DevOps is about coordinated effort and integration between development and operations teams. DevOps engineers primarily focus on overcoming issues between these two generally solid groups, encouraging better communication and coordinated effort. They strive to automate processes, execute consistent integration and deployment, and monitor framework performance to guarantee a smooth, streamlined software development lifecycle.
Requirements
Platform engineering requires a profound comprehension of system architecture, cloud computing, and software development. It’s essential to have a firm grasp of programming languages, database management, and networking. Besides, figuring out the standards of unwavering quality, versatility, and security is vital in this role.
DevOps requires an extraordinary blend of skills. It demands skill in coding, scripting, and automation tools and a thorough comprehension of IT tasks. A DevOps specialist should be able to code, test, and deploy applications, manage infrastructure and operations, and collaborate successfully with various teams.
Tools
Platform engineers often use tools like Kubernetes, Docker, ArgoCD, and OpenShift for container orchestration, Terraform for the infrastructure as code, and Grafana, Prometheus, or comparative tools for checking and observability. These tools help create, manage, and operate the platform. Developers get a friendly overview of the entire platform with a developer portal, such as Port, Backstage, Cortex, etc.
However, DevOps uses a comprehensive array of tools across the entire software development lifecycle. From coding tools like Git and Codefresh for CI/CD to Puppet, Ansible, and Chef for configuration management to Nagios and Splunk for observing and logging, DevOps tools focus on automating and streamlining each part of the development and operations processes.
Teams
In platform engineering, the group or team is composed of platform engineers, solution architects, and experienced engineers. Platform engineers work closely with developers, providing a steady, standardised environment where they can deploy their applications without stressing over the basic infrastructure.
DevOps teams are composed of development and operations professionals. They include designers, operation engineers, QA analysers, and security specialists. The objective of a DevOps team is to encourage coordinated effort and streamline the entire development lifecycle.
Conclusion
In short, an organisation’s choice between platform engineering and DevOps depends on various elements, including its sise, construction, objectives, and existing technological landscape. Platform Engineers offer an organised way to build and manage robust, scalable platforms tailored to explicit business needs, encouraging consistency and proficiency across development processes.

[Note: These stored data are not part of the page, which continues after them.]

Lemma L2_bilinear tau f k r : 1 <= r -> inH r f -> k <> 0%Z ->
  exC (fun j => Cmult (L2_symbol tau k j) (Cmult (fconj f j) (fconj f (k - j)%Z))) /\
  Cmult (RtoC 2) (L2 tau f k) = sumZC (fun j => Cmult (L2_symbol tau k j) (Cmult (fconj f j) (fconj f (k - j)%Z))).
Proof.
  intros Hr Hf Hk.
  set (F := fconj f).
  assert (E1 : exC (fun j => Cmult (schr tau (dpos 1 F) j) (schr (- tau) F (k - j)%Z))).
  { apply (exC_controlled_product _ _ f 1 0 k r); auto.
    - apply controlled_schr, (controlled_dpos 0 1), controlled_fconj.
    - apply controlled_schr, controlled_fconj. }
  assert (E2 : exC (fun j => Cmult (dpos 1 F j) (F (k - j)%Z))).
  { apply (exC_controlled_product _ _ f 1 0 k r); auto.
    - apply (controlled_dpos 0 1), controlled_fconj.
    - apply controlled_fconj. }
  assert (E3 : exC (fun j => Cmult (dpos 2 F j) (F (k - j)%Z))).
  { apply (exC_controlled_product _ _ f 2 0 k r); auto.
    - apply (controlled_dpos 0 2), controlled_fconj.
    - apply controlled_fconj. }
  set (c1 := Cmult (RtoC 2) (Cdiv (Cmult (Copp ihalf) (expi (- tau * IZR k ^ 2))) (cpow (ci k) 3))).
  set (c2 := Cmult (RtoC 2) (Cdiv ihalf (cpow (ci k) 3))).
  set (c3 := Cmult (RtoC 2) (Cdiv (Copp (RtoC tau)) (cpow (ci k) 2))).
  assert (Hin : forall j, Cplus (Cmult c1 (Cmult (schr tau (dpos 1 F) j) (schr (- tau) F (k - j)%Z)))
      (Cplus (Cmult c2 (Cmult (dpos 1 F j) (F (k - j)%Z))) (Cmult c3 (Cmult (dpos 2 F j) (F (k - j)%Z))))
      = Cmult (L2_symbol tau k j) (Cmult (F j) (F (k - j)%Z))).
  { intros j. unfold c1, c2, c3, L2_symbol, schr, dpos. rewrite <- !expi_plus.
    pose proof (cpow_ci_neq_0 2 k Hk). pose proof (cpow_ci_neq_0 3 k Hk). fold (ci j). field. auto. }
  split.
  - apply (exC_ext _ _ Hin). apply exC_plus. apply exC_scal; auto. apply exC_plus; apply exC_scal; auto.
  - rewrite <- (sumZC_ext _ _ Hin). rewrite sumZC_plus, sumZC_plus, !sumZC_scal; auto.
    2-4: apply exC_scal; auto. 2: apply exC_plus; apply exC_scal; auto.
    unfold L2, fadd, fsub, fscal. unfold schr at 1. rewrite !dneg_neq_0 by auto. unfold fmul. fold F.
    unfold c1, c2, c3. pose proof (cpow_ci_neq_0 2 k Hk). pose proof (cpow_ci_neq_0 3 k Hk). field. auto.
Qed.

Lemma L2_symbol_le tau k j : 0 < tau -> k <> 0%Z -> Cmod (L2_symbol tau k j) <= 4 * tau * wt k j.
Proof.
  intros Ht Hk. unfold L2_symbol.
  set (th := - tau * IZR k ^ 2 + - tau * IZR j ^ 2 + - - tau * IZR (k - j) ^ 2).
  set (e := Cmod (Cminus (RtoC 1) (expi th))).
  assert (He : e <= 2 * tau * (Rabs (IZR k) * Rabs (IZR j))).
  { eapply Rle_trans; [apply Cmod_1_sub_expi|].
    replace th with (- (2 * tau) * (IZR k * IZR j)) by (unfold th; rewrite minus_IZR; ring).
    rewrite Rabs_mult, Rabs_Ropp, (Rabs_right (2 * tau)), Rabs_mult by lra. lra. }
  unfold Cminus at 1. rewrite Cmod_mult, Cmod_2.
  eapply Rle_trans; [apply Rmult_le_compat_l; [lra|apply Cmod_triangle]|].
  rewrite Cmod_opp, !Cmod_mult, Cmod_ihalf, !Cmod_div, !Cmod_cpow_ci, Cmod_R by (apply cpow_ci_neq_0; auto).
  fold e. rewrite (Rabs_right tau) by lra.
  pose proof (IZR_sq_pos k Hk) as Hk2. pose proof (Rabs_pos (IZR j)).
  assert (Hak : 0 < Rabs (IZR k)) by (apply Rabs_pos_lt, not_0_IZR; auto).
  assert (Hwt : IZR j ^ 2 / IZR k ^ 2 <= wt k j).
  { eapply Rle_trans; [|apply wt_ge_frac; auto]. pose proof (pow2_ge_0 (IZR (k - j))).
    apply Rmult_le_compat_r; [apply Rlt_le, Rinv_0_lt_compat|]; lra. }
  assert (H1 : 1 / 2 * (Rabs (IZR j) ^ 1 / Rabs (IZR k) ^ 3 * e) <= tau * (IZR j ^ 2 / IZR k ^ 2)).
  { apply Rle_trans with (1 / 2 * (Rabs (IZR j) ^ 1 / Rabs (IZR k) ^ 3 * (2 * tau * (Rabs (IZR k) * Rabs (IZR j))))).
    - apply Rmult_le_compat_l; [lra|]. apply Rmult_le_compat_l; auto.
      apply Rdiv_le_0_compat; [apply pow_le|apply pow_lt]; lra.
    - rewrite <- (pow2_abs (IZR j)), <- (pow2_abs (IZR k)). right. field. lra. }
  rewrite !pow2_abs. nra.
Qed.

Definition L3_symbol tau k j : C :=
  Cmult (Copp Ci) (Cmult (Cdiv (Cminus (expi (- (2*tau) * IZR k ^ 2)) (RtoC 1)) (cpow (ci k) 4))
    (Cmult (cpow (ci j) 1) (cpow (ci (k - j)) 1))).

Lemma L3_bilinear tau f k r : 1 <= r -> inH r f -> k <> 0%Z ->
  exC (fun j => Cmult (L3_symbol tau k j) (Cmult (fconj f j) (fconj f (k - j)%Z))) /\
  L3 tau f k = sumZC (fun j => Cmult (L3_symbol tau k j) (Cmult (fconj f j) (fconj f (k - j)%Z))).
Proof.
  intros Hr Hf Hk.
  set (F := fconj f).
  assert (E1 : exC (fun j => Cmult (dpos 1 F j) (dpos 1 F (k - j)%Z))).
  { apply (exC_controlled_product _ _ f 1 1 k r); auto; apply (controlled_dpos 0 1), controlled_fconj. }
  set (c1 := Cmult (Copp Ci) (Cdiv (Cminus (expi (- (2*tau) * IZR k ^ 2)) (RtoC 1)) (cpow (ci k) 4))).
  assert (Hin : forall j, Cmult c1 (Cmult (dpos 1 F j) (dpos 1 F (k - j)%Z))
      = Cmult (L3_symbol tau k j) (Cmult (F j) (F (k - j)%Z))).
  { intros j. unfold c1, L3_symbol, dpos. pose proof (cpow_ci_neq_0 4 k Hk).
    fold (ci j) (ci (k - j)%Z). field. auto. }
  split.
  - apply (exC_ext _ _ Hin). apply exC_scal; auto.
  - rewrite <- (sumZC_ext _ _ Hin). rewrite sumZC_scal; auto.
    unfold L3, fsub, fscal. rewrite !dneg_neq_0 by auto. unfold schr, fmul. fold F.
    unfold c1. pose proof (cpow_ci_neq_0 4 k Hk). field. auto.
Qed.

Lemma L3_symbol_le tau k j : 0 < tau -> k <> 0%Z -> Cmod (L3_symbol tau k j) <= tau * wt k j.
Proof.
  intros Ht Hk. pose proof (wt_ge_mul k j Hk) as Hwt. unfold L3_symbol.
  rewrite !Cmod_mult, Cmod_opp, Cmod_Ci, Cmod_div, !Cmod_cpow_ci by (apply cpow_ci_neq_0; auto).
  set (e := Cmod (Cminus (expi (- (2 * tau) * IZR k ^ 2)) (RtoC 1))).
  assert (He : e <= 2 * tau * IZR k ^ 2).
  { eapply Rle_trans; [apply Cmod_expi_sub_1|].
    rewrite Rabs_mult, Rabs_Ropp, !Rabs_right by (try apply Rle_ge, pow2_ge_0; lra). lra. }
  pose proof (IZR_sq_pos k Hk) as Hk2. pose proof (not_0_IZR k Hk).
  set (P := Rabs (IZR j) ^ 1 * Rabs (IZR (k - j)) ^ 1).
  assert (HP : 0 <= P) by (unfold P; apply Rmult_le_pos; apply pow_le, Rabs_pos).
  replace (Rabs (IZR k) ^ 4) with (IZR k ^ 2 * IZR k ^ 2) by (rewrite <- (pow2_abs (IZR k)); ring).
  apply Rle_trans with (2 * tau * IZR k ^ 2 / (IZR k ^ 2 * IZR k ^ 2) * P).
  - rewrite Rmult_1_l. apply Rmult_le_compat_r; auto.
    apply Rmult_le_compat_r; [apply Rlt_le, Rinv_0_lt_compat; nra|auto].
  - replace (2 * tau * IZR k ^ 2 / (IZR k ^ 2 * IZR k ^ 2) * P)
      with (tau * (2 * (Rabs (IZR j) * Rabs (IZR (k - j))) / IZR k ^ 2)) by (unfold P; field; auto).
    apply Rmult_le_compat_l; lra.
Qed.

Definition L4_symbol tau k j : C :=
  Cminus (Cmult (Cdiv Ci (cpow (ci k) 2))
                (Cminus (expi (- - tau * IZR k ^ 2 + - tau * IZR j ^ 2 + - tau * IZR (k - j) ^ 2)) (RtoC 1)))
    (Cmult (RtoC (2*tau)) (Cdiv (Cmult (cpow (ci j) 1) (cpow (ci (k - j)) 1)) (cpow (ci k) 2))).

Lemma L4_bilinear tau f k r : 1 <= r -> inH r f -> k <> 0%Z ->
  exC (fun j => Cmult (L4_symbol tau k j) (Cmult (fconj f j) (fconj f (k - j)%Z))) /\
  L4 tau f k = sumZC (fun j => Cmult (L4_symbol tau k j) (Cmult (fconj f j) (fconj f (k - j)%Z))).
Proof.
  intros Hr Hf Hk.
  set (F := fconj f).
  assert (E1 : exC (fun j => Cmult (schr tau F j) (schr tau F (k - j)%Z))).
  { apply (exC_controlled_product _ _ f 0 0 k r); auto; apply controlled_schr, controlled_fconj. }
  assert (E2 : exC (fun j => Cmult (F j) (F (k - j)%Z))).
  { apply (exC_controlled_product _ _ f 0 0 k r); auto; apply controlled_fconj. }
  assert (E3 : exC (fun j => Cmult (dpos 1 F j) (dpos 1 F (k - j)%Z))).
  { apply (exC_controlled_product _ _ f 1 1 k r); auto; apply (controlled_dpos 0 1), controlled_fconj. }
  set (c1 := Cdiv (Cmult Ci (expi (- - tau * IZR k ^ 2))) (cpow (ci k) 2)).
  set (c2 := Cdiv (Copp Ci) (cpow (ci k) 2)).
  set (c3 := Cdiv (Copp (RtoC (2 * tau))) (cpow (ci k) 2)).
  assert (Hin : forall j, Cplus (Cmult c1 (Cmult (schr tau F j) (schr tau F (k - j)%Z)))
      (Cplus (Cmult c2 (Cmult (F j) (F (k - j)%Z))) (Cmult c3 (Cmult (dpos 1 F j) (dpos 1 F (k - j)%Z))))
      = Cmult (L4_symbol tau k j) (Cmult (F j) (F (k - j)%Z))).
  { intros j. unfold c1, c2, c3, L4_symbol, schr, dpos. rewrite <- !expi_plus.
    pose proof (cpow_ci_neq_0 2 k Hk). fold (ci j) (ci (k - j)%Z). field. auto. }
  split.
  - apply (exC_ext _ _ Hin). apply exC_plus. apply exC_scal; auto. apply exC_plus; apply exC_scal; auto.
  - rewrite <- (sumZC_ext _ _ Hin). rewrite sumZC_plus, sumZC_plus, !sumZC_scal; auto.
    2-4: apply exC_scal; auto. 2: apply exC_plus; apply exC_scal; auto.
    unfold L4, fsub, fscal. rewrite !dneg_neq_0 by auto. unfold schr at 1. unfold fmul. fold F.
    unfold c1, c2, c3. pose proof (cpow_ci_neq_0 2 k Hk). field. auto.
Qed.

Lemma L4_symbol_le tau k j : 0 < tau -> k <> 0%Z -> Cmod (L4_symbol tau k j) <= 2 * tau * wt k j.
Proof.
  intros Ht Hk. pose proof (wt_ge_mul k j Hk) as Hwt. unfold L4_symbol.
  set (th := - - tau * IZR k ^ 2 + - tau * IZR j ^ 2 + - tau * IZR (k - j) ^ 2).
  set (P := Rabs (IZR j) * Rabs (IZR (k - j))).
  set (e := Cmod (Cminus (expi th) (RtoC 1))).
  assert (He : e <= 2 * tau * P).
  { eapply Rle_trans; [apply Cmod_expi_sub_1|].
    replace th with (2 * tau * (IZR j * IZR (k - j))) by (unfold th; rewrite minus_IZR; ring).
    rewrite Rabs_mult, (Rabs_right (2 * tau)), Rabs_mult by lra. unfold P; lra. }
  unfold Cminus at 1. eapply Rle_trans; [apply Cmod_triangle|].
  rewrite Cmod_opp, !Cmod_mult, !Cmod_div, Cmod_Ci, Cmod_mult, !Cmod_cpow_ci, Cmod_R, !pow_1, pow2_abs
    by (apply cpow_ci_neq_0; auto).
  fold e P. rewrite (Rabs_right (2 * tau)) by lra.
  pose proof (IZR_sq_pos k Hk) as Hk2. pose proof (not_0_IZR k Hk).
  assert (e / IZR k ^ 2 <= 2 * tau * P / IZR k ^ 2)
    by (apply Rmult_le_compat_r; [apply Rlt_le, Rinv_0_lt_compat|]; lra).
  replace (1 / IZR k ^ 2 * e) with (e / IZR k ^ 2) by (field; auto).
  replace (2 * tau * (P / IZR k ^ 2)) with (2 * tau * P / IZR k ^ 2) by (field; auto).
  assert (tau * (2 * P / IZR k ^ 2) <= tau * wt k j) by (apply Rmult_le_compat_l; unfold P; lra).
  lra.
Qed.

However, DevOps advances a cultural shift towards cooperation, automation, and continuous improvement, focusing on agility and development inside cross-functional groups or teams. While the two methodologies have particular merits, the ideal decision relies upon the organisation’s needs and preparation for change.
Ultimately, successful implementation requires a nuanced understanding of the organisation’s unique requirements and a commitment to fostering a culture of flexibility and consistent learning.